An estimated 120,000 people along the Florida Panhandle were ordered to clear out on Tuesday as Hurricane Michael rapidly picked up steam in the Gulf of Mexico and closed in with winds of 110 mph and a potential storm surge of 12 feet.
Beach dwellers rushed to board up their homes and sandbag their properties against the fast-moving hurricane, which was expected to blow ashore around midday Wednesday.
The speed of the storm — Michael was moving north 12 mph (19 kph) — gave many people a dwindling number of hours to prepare or flee before being caught up in damaging wind and rain.
"Guess what? That's today," National Hurricane Center Director Ken Graham said. "If they tell you to leave, you have to leave."
By 11 a.m., Michael had winds of 110 mph (175 kph), just below a major Category 3 hurricane, and was getting stronger, drawing energy from Gulf waters in the mid-80s.
The hurricane's effects will be felt far from its eye.
Forecasters said Michael's tropical storm-force winds stretched 370 miles (595 kilometers) across, with hurricane-strength winds extending up to 35 miles (55 kilometers) from the center.
Florida Gov. Rick Scott also warned people across northwest Florida that the "monstrous hurricane" was just hours away, bringing deadly risks from high wind, storm surge and heavy rain.
His Democratic opponent in Florida's Senate race, Sen. Bill Nelson, said a "wall of water" could cause major destruction along the Panhandle.
"Don't think that you can ride this out if you're in a low-lying area," Nelson said on CNN.
Mandatory evacuation orders went into effect for some 120,000 people in Panama City Beach and across other low-lying parts of the coast.
Forecasters said parts of Florida's marshy, lightly populated Big Bend area — the crook of Florida's elbow — could see up to 12 feet (3.7 meters) of storm surge.
Michael also could dump up to a foot (30 centimeters) of rain over some Panhandle communities before it sweeps through the Southeast and goes out to sea over the next few days.
Forecasters said it could bring 3 to 6 inches of rain to Georgia, the Carolinas and Virginia, triggering flash flooding in a corner of the country still recovering from Hurricane Florence.
"I know people are fatigued from Florence, but don't let this storm catch you with your guard down," North Carolina Gov. Roy Cooper said, adding, "A number of homes have rooftop tarps that could be damaged or blown away with this wind."
While Florence took five days between the time it turned into a hurricane and the moment it blew ashore in the Carolinas, Michael gave Florida what could amount to just two days' notice. It developed into a hurricane on Monday.
At the western end of the Florida Panhandle, in and around Pensacola, Escambia County Sheriff David Morgan bluntly warned people: "If you decide to stay in your home and a tree falls on your house or the storm surge catches you and you're now calling for help, there's no one that can respond to help you."
Michael wasn't quite done wreaking havoc in the Caribbean.
In Cuba, it dumped more than 10 inches (27 centimeters) of rain in places, flooding fields, damaging roads, knocking out power and destroying some homes in the western province of Pinar del Rio.
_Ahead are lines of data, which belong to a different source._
Lemma forced_compl_path (T : finType) (e : rel T) (v : T) :
  simple_graph e -> diameter2 e -> 2 < #|T| -> basis_forced e v ->
  exists x1 x2 r y2,
    path (compl_rel e) x1 [:: v; x2; r; y2] && uniq [:: x1; v; x2; r; y2].
Proof.
move=> [e_sym _] e_diam2 T_ge3 v_forced.
have res_adj := resolving_adj e_diam2 T_ge3.
have [R [R_res R_min]] := metric_basis_exists e_diam2 T_ge3.
have vR := v_forced R (conj R_res R_min).
apply: (compl_path_through_v e_sym vR); first exact/res_adj.
  by apply/negP => /res_adj /R_min; rewrite (cardsD1 v R) vR ltnn.
move=> u uR; apply/negP => /res_adj uRv_res.
have uRv : u \notin R :\ v by rewrite in_setD1 negb_and uR orbT.
have /v_forced : metric_basis e (u |: (R :\ v)).
  by split=> // S /R_min; rewrite cardsU1 uRv (cardsD1 v R) vR.
by rewrite in_setU1 in_setD1 eqxx /= orbF => /eqP vu; rewrite -vu vR in uR.
Qed.

Definition adjacent_in (T : eqType) (p : seq T) (a b : T) : bool :=
  [&& a \in p, b \in p & (index a p == (index b p).+1) || (index b p == (index a p).+1)].

Section PathEdges.
Variables (T : finType) (h : rel T).

Definition path_edges (x : T) (s : seq T) : {set {set T}} :=
  [set [set nth x (x :: s) i; nth x s i] | i : 'I_(size s)].

Lemma card_path_edges x s : uniq (x :: s) -> #|path_edges x s| = size s.
Proof.
move=> p_uniq; rewrite card_imset ?card_ord // => i j /set2_inj.
have nth_inj k l : k <= size s -> l <= size s ->
    nth x (x :: s) k = nth x (x :: s) l -> k = l.
  by move=> ks ls /eqP; rewrite nth_uniq ?ltnS // => /eqP.
have [ilt jlt] := (ltn_ord i, ltn_ord j).
case=> [[E _] | [E1 E2]]; apply: val_inj.
  by apply: nth_inj E; apply: ltnW.
have := nth_inj i j.+1 (ltnW ilt) jlt E1.
have := nth_inj i.+1 j ilt (ltnW jlt) E2.
lia.
Qed.

Lemma path_edges_sub x s : path h x s -> path_edges x s \subset edge_set h.
Proof.
move=> /(pathP x) x_path; apply/subsetP => _ /imsetP [i _ ->].
by apply/mem_edge_set; do 2 eexists; split; [apply: x_path | reflexivity].
Qed.

Lemma adjacent_in_path_edges x s a b :
  uniq (x :: s) -> [set a; b] \in path_edges x s -> adjacent_in (x :: s) a b.
Proof.
move=> p_uniq /imsetP [i _ /set2_inj].
have ilt : i < size (x :: s) by rewrite ltnS ltnW.
have ilt' : i.+1 < size (x :: s) by rewrite ltnS ltn_ord.
have [idx_i idx_i1] := (index_uniq x ilt p_uniq, index_uniq x ilt' p_uniq).
rewrite -[nth x s i]/(nth x (x :: s) i.+1) /adjacent_in.
by case=> [] [-> ->]; rewrite !mem_nth // idx_i idx_i1 eqxx ?orbT.
Qed.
Cuban authorities said they evacuated about 400 people from low-lying areas.
Disaster agencies in El Salvador, Honduras and Nicaragua reported 13 deaths as roofs collapsed and residents were carried away by swollen rivers.
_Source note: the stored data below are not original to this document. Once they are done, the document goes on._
Lemma mul_s_level a b c d :
  bs_mul (s a) (s b) = bs_mul (s c) (s d) -> (m a + m b = m c + m d)%N.
Proof. by move/(congr1 fst); rewrite !level_mul_s => -[]. Qed.

Lemma mul_s_neq_level a b c d :
  (m a + m b != m c + m d)%N -> bs_mul (s a) (s b) != bs_mul (s c) (s d).
Proof. by apply: contraNneq => /mul_s_level ->. Qed.

Lemma mul_s_noncommute a b : (a < N)%N -> (b < N)%N -> fixpt a != fixpt b ->
  bs_mul (s a) (s b) != bs_mul (s b) (s a).
Proof.
move=> aN bN ab; apply: contra ab => /eqP comm; apply/eqP/(fixes_s _ bN).
by apply: commute_fixes comm; [rewrite /= -lt0n m_gt0 | exact: fixes_s_fixpt].
Qed.

Lemma gens_subset T : {subset gens T <= gens T.+1}.
Proof.
move=> g /mapP [i iT ->]; apply/mapP; exists i => //.
by move: iT; rewrite !mem_iota !add0n ltnS; apply: ltnW.
Qed.

Lemma mem_sqset_gens T a b :
  (a < T)%N -> (b < T)%N -> bs_mul (s a) (s b) \in sqset (gens T).
Proof.
move=> aT bT; rewrite mem_undup; apply: allpairs_f; apply/mapP;
  by [exists a; rewrite ?mem_iota | exists b; rewrite ?mem_iota].
Qed.

Lemma sqset_gensP T g : g \in sqset (gens T) ->
  exists a b, [/\ (a < T)%N, (b < T)%N & g = bs_mul (s a) (s b)].
Proof.
rewrite mem_undup => /allpairsP [[u v] /= [/mapP [a aT ->] /mapP [b bT ->] ->]].
by exists a, b; move: aT bT; rewrite !mem_iota.
Qed.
In Florida, Scott declared a state of emergency for 35 counties, from the Panhandle to Tampa Bay, activated hundreds of Florida National Guard members and waived tolls to encourage evacuations. The governors of Alabama and Georgia also declared emergencies.
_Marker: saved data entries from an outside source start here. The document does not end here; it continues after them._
Lemma Q_alpha_width_at_most_2 (n : nat) (c : Qkind) : 0 < n ->
  alpha_width_at_most (@Qrel c n n) 2.
Proof.
move=> n_gt0; pose B t := [set v : Qgraph c n n | qbag c t (val v)].
exists (qnode n), (parent_rel (@qparent n)), B; split; last first.
  move=> t; apply: (@alpha_leq_clique_cover _ _ _ 1 (fun v => qbag_colour c t (val v))).
    by move=> v _; apply: qbag_colour_leq1.
  by move=> u v; rewrite !inE => ut vt; apply: qbag_colour_clique ut vt; apply: valP.
apply: (@parent_rel_tree_decomposition _ _ (@qdepth n) (inl (Ordinal n_gt0))
  _ _ _ _ _ _ (fun v => qhome c (val v))).
- by [].
- move=> [a|[a i]] //=; case: ifP => // a0; rewrite inl_eq eq_ord_val /=; lia.
- move=> [a|[a i]] b /=; last by case=> <-.
  by case: ifP => // a0 [<-] /=; lia.
- by move=> v; rewrite inE qbag_qhome ?(valP v).
- move=> u v uv; have [t uvt] := qedge_in_bag (valP u) (valP v) uv.
  by exists t; rewrite !inE.
- move=> v t; rewrite inE => vt /(qbag_parent (valP v) vt)[p tp vp].
  by exists p; rewrite ?inE.
Qed.

Lemma Q_alpha_star_leq3 (n : nat) (c : Qkind) : alpha_star (@Qrel c n n) <= 3.
Proof.
apply/bigmax_leqP => w _.
apply: (@alpha_leq_clique_cover _ _ _ 2 (fun v => nbhd_colour (layer (val w)) (val v))).
  by move=> v _; apply: nbhd_colour_leq2.
move=> u v; rewrite /closed_nbhd !inE => uw vw.
by apply: nbhd_colour_clique uw vw; exact: valP.
Qed.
With just a month to go before Election Day, Florida voters in evacuation zones were given an extra day to register to vote, once offices reopen after the storm.
Scott also told Florida hospitals and nursing homes to do all they can to assure the safety of the elderly and infirm. After Hurricane Irma last year, 14 people died when a South Florida nursing home lost power and air conditioning.
"If you're responsible for a patient, you're responsible for the patient. Take care of them," he said.
In the small Panhandle city of Apalachicola, Mayor Van Johnson Sr. said the 2,300 residents were frantically preparing for what could be a blow unlike any seen there in decades. Many filled sandbags, boarded up homes and lined up to buy gas and groceries.
"We're looking at a significant storm with significant impact, possibly greater than I've seen in my 59 years of life," Johnson said of his city on Apalachicola Bay, where about 90 percent of Florida's oysters are harvested.
Farther inland, in the state capital, Tallahassee Mayor Andrew Gillum, Florida's Democratic nominee for governor, helped people fill sandbags.
"There's nothing between us and this storm but warm water, and I think that's what terrifies us about the potential impacts," Gillum said.